202012 Mooring fatality

23 Feb 2020 MARS 2020

As edited from official SHK (Sweden) report S-238/18


A cargo vessel was about to depart. The Master held a short briefing with the duty officer and a seaman. He informed them that they would depart without assistance from outside linesmen because the weather was good and the light winds would hold the vessel on the berth. The deck crew for the departure consisted of an officer and two crew, as was usual on this vessel. Since no outside linesmen had been called, one of the crew was on the dock to let go the lines. No additional crew members were called on deck. The officer went forward and one crew member went aft.


The order was given to release two of the three stern lines. Both aft lines were on the same winch, so the crew member on the poop deck slacked them both at the same time. Once the lines were off the shore bollards he started winching them to the poop deck. During this time the vessel moved slightly forward, so there was no tension on the aft spring bollard.
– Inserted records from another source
(* Let $X$ be a rearrangement invariant space on $(0,\infty)$ with the Fatou property such that $L_\infty\hookrightarrow X$ and the Cesàro operator $C$ is bounded on $X$. Suppose also that $X$ satisfies: for every $f\in X$ and every measurable $A\subset(0,\infty)$ with $m(A)<\infty$, $f\chi_A\in X_a$. Then the Cesàro space $CX$ contains a lattice isometric copy of $\ell_\infty$.
   Context: A rearrangement invariant space on $(0,\infty)$ is a Banach space $X\subset L_0(0,\infty)$ with the ideal property ($|f|\le|g|$ a.e., $g\in X$ imply $f\in X$, $\|f\|_X\le\|g\|_X$), containing an a.e. positive function, in which equimeasurable functions have equal norms. Fatou property: $0\le f_n\uparrow f$ a.e., $\sup\|f_n\|_X<\infty$ imply $f\in X$ and $\|f_n\|_X\uparrow\|f\|_X$. $X_a$ is the ideal of order continuous elements ($f\in X_a$ iff $0\le f_n\le|f|$, $f_n\downarrow0$ a.e. imply $\|f_n\|_X\to0$). $m$ is Lebesgue measure. $C(f)(x)=\frac1x\int_0^x|f(t)|\,dt$; $CX=\{f: C(|f|)\in X\}$ with $\|f\|_{CX}=\|C(|f|)\|_X$. A lattice isometric copy of $\ell_\infty$ is the image of a linear isometric lattice-homomorphic embedding of $\ell_\infty$. *)

(* functions on (0,oo) are modelled as R -> R,
   only their values on Dom = ]0,+oo[ matter; Lebesgue measure on R. *)
From HB Require Import structures.
From mathcomp Require Import all_boot all_order all_algebra.
From mathcomp Require Import all_classical all_reals all_analysis.
Set Implicit Arguments. Unset Strict Implicit. Unset Printing Implicit Defensive.
Import Order.TTheory GRing.Theory Num.Theory.
Import numFieldNormedType.Exports.
Local Open Scope classical_set_scope.
Local Open Scope ring_scope.

Definition Dom (R : realType) : set R := `]0, +oo[%classic.
Arguments Dom R : clear implicits.

Notation leb R := (@lebesgue_measure R).

Definition L0 (R : realType) : set (R -> R) :=
  [set f | measurable_fun (Dom R) f].
Arguments L0 R : clear implicits.

Definition distr_fun (R : realType) (f : R -> R) (l : R) : \bar R :=
  leb R [set x | Dom R x /\ l < `|f x|].

Definition equimeasurable (R : realType) (f g : R -> R) : Prop :=
  forall l : R, 0 < l -> distr_fun f l = distr_fun g l.

(* X is a (real) Banach space of (a.e.-classes of) functions in L_0 with
   norm nX (meaningful on X only) *)
Definition banach_subspace_L0 (R : realType) (X : set (R -> R))
    (nX : (R -> R) -> R) : Prop :=
  X `<=` L0 R /\
      X (fun _ => 0)/\
      (forall f g, X f -> X g -> X (f \+ g))/\
      (forall (a : R) f, X f -> X (fun x => a * f x))/\
      (forall f, X f -> 0 <= nX f)/\
      (forall f, X f -> (nX f = 0 <-> ae_eq (leb R) (Dom R) f (fun _ => 0)))/\
      (forall (a : R) f, X f -> nX (fun x => a * f x) = `|a| * nX f)/\
      (forall f g, X f -> X g -> nX (f \+ g) <= nX f + nX g) /\
      (forall u : nat -> R -> R, (forall n, X (u n)) ->
         (forall e : R, 0 < e -> exists N : nat, forall m n : nat,
             (N <= m)%N -> (N <= n)%N -> nX (u n \- u m) < e) ->
         exists2 f, X f & (fun n => nX (u n \- f)) @ \oo --> (0 : R)).

Definition ideal_property (R : realType) (X : set (R -> R))
    (nX : (R -> R) -> R) : Prop :=
  forall f g, L0 R f -> X g ->
    (\forall x \ae leb R, Dom R x -> `|f x| <= `|g x|) ->
    X f /\ nX f <= nX g.

Definition ri_space (R : realType) (X : set (R -> R))
    (nX : (R -> R) -> R) : Prop :=
  [/\ banach_subspace_L0 X nX,
      ideal_property X nX,
      (exists2 w, X w & \forall x \ae leb R, Dom R x -> 0 < w x) &
      (forall f g, X f -> L0 R g -> equimeasurable f g ->
         X g /\ nX g = nX f)].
The crew member on the dock took the aft spring line off the bollard as he went forward. He released the lines at the bow and came back on board just aft of the forecastle.
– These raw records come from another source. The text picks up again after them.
Lemma quotient_cauchy eps : 0 < eps -> exists del, 0 < del /\ forall h h', h <> 0 -> h' <> 0 ->
  Rabs h < del -> Rabs h' < del ->
  Rabs (Q1 h T - Q1 h' T) < eps /\ Rabs (Q2 h T - Q2 h' T) < eps.
Proof.
  intros Heps. pose proof (exp_pos (2 * L + 1)).
  set (rho := eps / (4 * exp (2 * L + 1))).
  assert (Hrho : 0 < rho) by (unfold rho; apply Rdiv_lt_0_compat; lra).
  assert (Hfin : 3 * rho * exp (2 * L + 1) < eps) by (unfold rho; field_simplify; lra).
  destruct (remainders_small rho Hrho) as [dR [HdR HR]].
  destruct (Dw x rho Hrho) as [[dw Hdw] Hw]; cbn in Hw.
  exists (Rmin dR dw). split; [now apply Rmin_glb_lt|].
  intros h h' Hh0 Hh'0 Hh Hh'.
  pose proof (Rmin_l dR dw). pose proof (Rmin_r dR dw).
  enough (Rabs (Q1 h T - Q1 h' T) <= 3 * rho * exp (2 * L + 1) /\
          Rabs (Q2 h T - Q2 h' T) <= 3 * rho * exp (2 * L + 1)) by lra.
  apply (planar_gronwall (fun v => Q1 h v - Q1 h' v) (fun v => Q2 h v - Q2 h' v)
     (fun v => a11 v * (Q1 h v - Q1 h' v) + a12 v * (Q2 h v - Q2 h' v)
               + (R1 h v / h - R1 h' v / h'))
     (fun v => a21 v * (Q1 h v - Q1 h' v) + 0 * (Q2 h v - Q2 h' v) + (R2 h v / h - R2 h' v / h'))
     L (rho + rho)); try (unfold L; lra).
  - intros v _. destruct (quotient_derivable h v Hh0) as [D1 D2].
    destruct (quotient_derivable h' v Hh'0) as [D1' D2']. split.
    + eapply derivable_pt_lim_val; [apply (derivable_pt_lim_minus _ _ _ _ _ D1 D1') | ring].
    + eapply derivable_pt_lim_val; [apply (derivable_pt_lim_minus _ _ _ _ _ D2 D2') | ring].
  - intros v Hv. destruct (coefficients_abs_le_L v Hv) as [? [? ?]].
    destruct (HR h Hh0 ltac:(lra) v Hv), (HR h' Hh'0 ltac:(lra) v Hv).
    split; apply linear_rate_le; auto; try apply abs_sub_le; auto.
    rewrite Rabs_R0. unfold L. lra.
  - destruct (quotients_at_0 h Hh0) as [-> ->], (quotients_at_0 h' Hh'0) as [-> ->].
    assert (Hqw : Rabs ((w (x + h) - w x) / h - (w (x + h') - w x) / h') <= rho + rho).
    { replace ((w (x + h) - w x) / h - (w (x + h') - w x) / h')
        with (((w (x + h) - w x) / h - w1 x) - ((w (x + h') - w x) / h' - w1 x)) by ring.
      apply abs_sub_le; left; apply Hw; auto; lra. }
    rewrite <- (pow2_abs ((w (x + h) - w x) / h - (w (x + h') - w x) / h')).
    pose proof (Rabs_pos ((w (x + h) - w x) / h - (w (x + h') - w x) / h')). nra.
Qed.

Lemma quotient_near_linearization rho : 0 < rho -> exists del, 0 < del /\ forall h, h <> 0 ->
  Rabs h < del ->
  Rabs (Q1 h T - 1) <= (4 * Nw + 3) * Nphi * exp (2 * L + 1) + rho /\
  Rabs (Q2 h T - w1 x) <= (4 * Nw + 3) * Nphi * exp (2 * L + 1) + rho.
Proof.
  intros Hrho. pose proof (exp_pos (2 * L + 1)). destruct HNphi.
  set (c0 := (4 * Nw + 3) * Nphi).
  set (rho' := rho / (exp (2 * L + 1) + 1)).
  assert (Hrho' : 0 < rho') by (unfold rho'; apply Rdiv_lt_0_compat; lra).
  assert (Hsplit : (c0 + rho') * exp (2 * L + 1) + rho' = c0 * exp (2 * L + 1) + rho)
    by (unfold rho'; field; lra).
  destruct (remainders_small rho' Hrho') as [dR [HdR HR]].
  destruct (Dw x (Rmin rho' 1) ltac:(apply Rmin_glb_lt; lra)) as [[dw Hdw] Hw]. cbn in Hw.
  exists (Rmin dR dw). split; [now apply Rmin_glb_lt|]. intros h Hh0 Hh.
  pose proof (Rmin_l dR dw). pose proof (Rmin_r dR dw).
  set (qw := (w (x + h) - w x) / h).
  assert (Hqw : Rabs (qw - w1 x) < Rmin rho' 1) by (apply Hw; auto; lra).
  pose proof (Rmin_l rho' 1). pose proof (Rmin_r rho' 1).
  assert (Hqw' : Rabs qw <= Nw + 1)
    by (pose proof (Rabs_triang_inv qw (w1 x)); lra).
  enough (Rabs (Q1 h T - 1) <= (c0 + rho') * exp (2 * L + 1) /\
          Rabs (Q2 h T - qw) <= (c0 + rho') * exp (2 * L + 1)) as [B1 B2].
  { split; [lra|]. replace (Q2 h T - w1 x) with ((Q2 h T - qw) - - (qw - w1 x)) by ring.
    rewrite <- Hsplit. apply abs_sub_le; [auto|]. rewrite Rabs_Ropp. lra. }
  apply (planar_gronwall (fun v => Q1 h v - 1) (fun v => Q2 h v - qw)
     (fun v => a11 v * (Q1 h v - 1) + a12 v * (Q2 h v - qw) + (a11 v + a12 v * qw + R1 h v / h))
     (fun v => a21 v * (Q1 h v - 1) + 0 * (Q2 h v - qw) + (a21 v + R2 h v / h))
     L (c0 + rho')); try (unfold L, c0; nra).
  - intros v _. destruct (quotient_derivable h v Hh0) as [D1 D2].
    pose proof (derivable_pt_lim_const 1 v). pose proof (derivable_pt_lim_const qw v). split.
    + eapply derivable_pt_lim_val; [apply (derivable_pt_lim_minus (fun v => Q1 h v)); eauto | ring].
    + eapply derivable_pt_lim_val; [apply (derivable_pt_lim_minus (fun v => Q2 h v)); eauto | ring].
  - intros v Hv. destruct (coefficients_abs_le v Hv) as [A11 [A12 A21]].
    destruct (HR h Hh0 ltac:(lra) v Hv) as [HR1 HR2].
    assert (Rabs (a12 v * qw) <= Nphi * (Nw + 1))
      by (rewrite Rabs_mult; apply Rmult_le_compat; auto; apply Rabs_pos).
    pose proof (Rabs_triang (a11 v + a12 v * qw) (R1 h v / h)).
    pose proof (Rabs_triang (a11 v) (a12 v * qw)).
    pose proof (Rabs_triang (a21 v) (R2 h v / h)).
    split; apply linear_rate_le; try (rewrite ?Rabs_R0; unfold L, c0; nra).
  - destruct (quotients_at_0 h Hh0) as [-> ->]. fold qw. rewrite !Rminus_diag. lra.
Qed.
About this time, the Master noted that the aft spring line was still lying on the quay and had not been winched in. He called the crew member at the stern over VHF radio but received no response. He ordered the third officer to send the recently boarded crew member to the stern to check the situation. The crew member found his colleague pinned to the mooring winch by one of the lines that he had been winching inboard, unresponsive and bleeding heavily from several places. The control lever for the winch was held down by a weight to keep it in the position for maximum winch speed. He immediately called for help and engaged the emergency stop on the winch.

The crew member who found the victim had to cut the mooring rope to free him. By the time the officer arrived the victim had been freed and first aid was administered. Using a stretcher, they moved the victim inside the vessel. An ambulance arrived and the victim was taken to hospital where his condition was stabilised. Unfortunately, due to the serious internal injuries he had sustained, he died two months later.
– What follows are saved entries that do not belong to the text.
Lemma early_weight_setU_ge J1 J2 e e' k l :
    {in J1, forall j, d j <= e} -> {in J2, forall j, d j = e'} ->
    e < e' -> k <= l -> l <= e' ->
  early_weight J1 k + early_weight J2 (l - k) <= early_weight (J1 :|: J2) l.
Proof.
move=> dJ1 dJ2 ee' kl le'.
have [S1 /andP[early1 sum1] ->] := early_weight_witness J1 k.
have [S2 /andP[early2 sum2] ->] := early_weight_witness J2 (l - k).
move: early1 early2; rewrite !early_setE => /andP[S1J1 feas1] /andP[S2J2 _].
have disj : [disjoint S2 & S1].
  rewrite disjoint_subset; apply/subsetP => j /(subsetP S2J2) /dJ2 dj.
  by apply/negP => /(subsetP S1J1) /dJ1; rewrite dj leqNgt ee'.
have sumU : \sum_(j in S1 :|: S2) p j <= l.
  by rewrite sum_setU_disjoint // -(subnKC kl) leq_add.
rewrite -sum_setU_disjoint //; apply: leq_bigmax_cond.
rewrite early_setE setUSS // sumU andbT /=.
apply: edd_feasible_setU feas1 _ (leq_trans sumU le') => j /(subsetP S2J2).
exact: dJ2.
Qed.

Lemma early_weight_setU J1 J2 e e' l :
    {in J1, forall j, d j <= e} -> {in J2, forall j, d j = e'} ->
    e < e' -> l <= e' ->
  early_weight (J1 :|: J2) l =
    \max_(k < l.+1 | k < e.+1) (early_weight J1 k + early_weight J2 (l - k)).
Proof.
move=> dJ1 dJ2 ee' le'; apply/eqP; rewrite eqn_leq early_weight_setU_le //=.
apply/bigmax_leqP => k _; apply: early_weight_setU_ge dJ1 dJ2 ee' _ le'.
by rewrite -ltnS.
Qed.

Definition jobs_upto (e : nat) : {set 'I_n} := [set j | d j <= e].

Lemma dmax_of_eq J e :
  {in J, forall j, d j <= e} -> (exists2 j, j \in J & d j = e) -> dmax_of d J = e.
Proof.
move=> dJ [j jJ dj]; apply/eqP; rewrite eqn_leq; apply/andP; split.
  exact/bigmax_leqP.
by rewrite -dj; apply: leq_bigmax_cond.
Qed.

Lemma dmax_of_jobs_upto (e : nat) :
  e \in codom d -> dmax_of d (jobs_upto e) = e.
Proof.
case/codomP=> j ->; apply: dmax_of_eq => [i|]; first by rewrite inE.
by exists j; rewrite ?inE.
Qed.

Lemma dmax_of_jobs_with_due (e : nat) :
  e \in codom d -> dmax_of d (jobs_with_due d e) = e.
Proof.
case/codomP=> j ->; apply: dmax_of_eq => [i|]; first by rewrite inE => /eqP ->.
by exists j; rewrite ?inE.
Qed.

Lemma jobs_upto_next e e' :
    e < e' -> (forall j, e < d j -> e' <= d j) ->
  jobs_upto e' = jobs_upto e :|: jobs_with_due d e'.
Proof.
move=> ee' gap; apply/setP => j; rewrite !inE.
have [dje | edj] := leqP (d j) e; first by rewrite (leq_trans dje (ltnW ee')).
by rewrite /= eqn_leq gap ?andbT.
Qed.

Lemma sol_vec_upto_next (e e' : nat) :
    e \in codom d -> e' \in codom d -> e < e' ->
    (forall j, e < d j -> e' <= d j) ->
  maxplus_conv (sol_vec p w d (jobs_upto e)) (sol_vec p w d (jobs_with_due d e')) =
    sol_vec p w d (jobs_upto e').
Proof.
move=> de de' ee' gap; have dmax := (dmax_of_jobs_upto, dmax_of_jobs_with_due).
apply: (@eq_from_nth _ 0) => [|l]; first by rewrite size_mkseq !size_sol_vec !dmax.
rewrite size_mkseq size_sol_vec dmax // ltnS => le'.
rewrite nth_mkseq ?size_sol_vec ?dmax // nth_sol_vec ?dmax //.
rewrite (jobs_upto_next ee' gap) (early_weight_setU (e := e) (e' := e')) //; last first.
- by move=> j; rewrite inE => /eqP.
- by move=> j; rewrite inE.
apply: eq_bigr => k ke.
rewrite !nth_sol_vec ?dmax //.
exact: leq_trans (leq_subr _ _) le'.
Qed.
The official investigation found, among other things, that:

  • The crew member working the lines on the poop deck was working alone on a slippery deck.
  • The two aft lines were winched home simultaneously with the winch control lever locked to high speed, probably because the victim wished to stow them at the same time as winching in.

Lessons learned

  • Ensure sufficient crew are present during mooring operations to guarantee safe working conditions. This will usually require more than one person at each mooring station.
  • The winch operator must have full control of all activity as ropes are taken in on the winch drum. When using a winch drum with a loose rope, one person must be at the end of the drum and another person must be standing at least one metre behind to manage the slack. With the winch operator, this makes three.
  • Deck surfaces where mooring activities are carried out must be slipresistant.

Editor’s note: Using a weight to keep the winch control in operation while the lone crew member handled the lines was apparently a common practice on this vessel. This type of work-around is typical of human nature; we all want to accomplish the task required of us. If you are bypassing safety mechanisms while trying to do your work, STOP and ask yourself, ‘Is this really safe?’ In almost every case the answer will be no.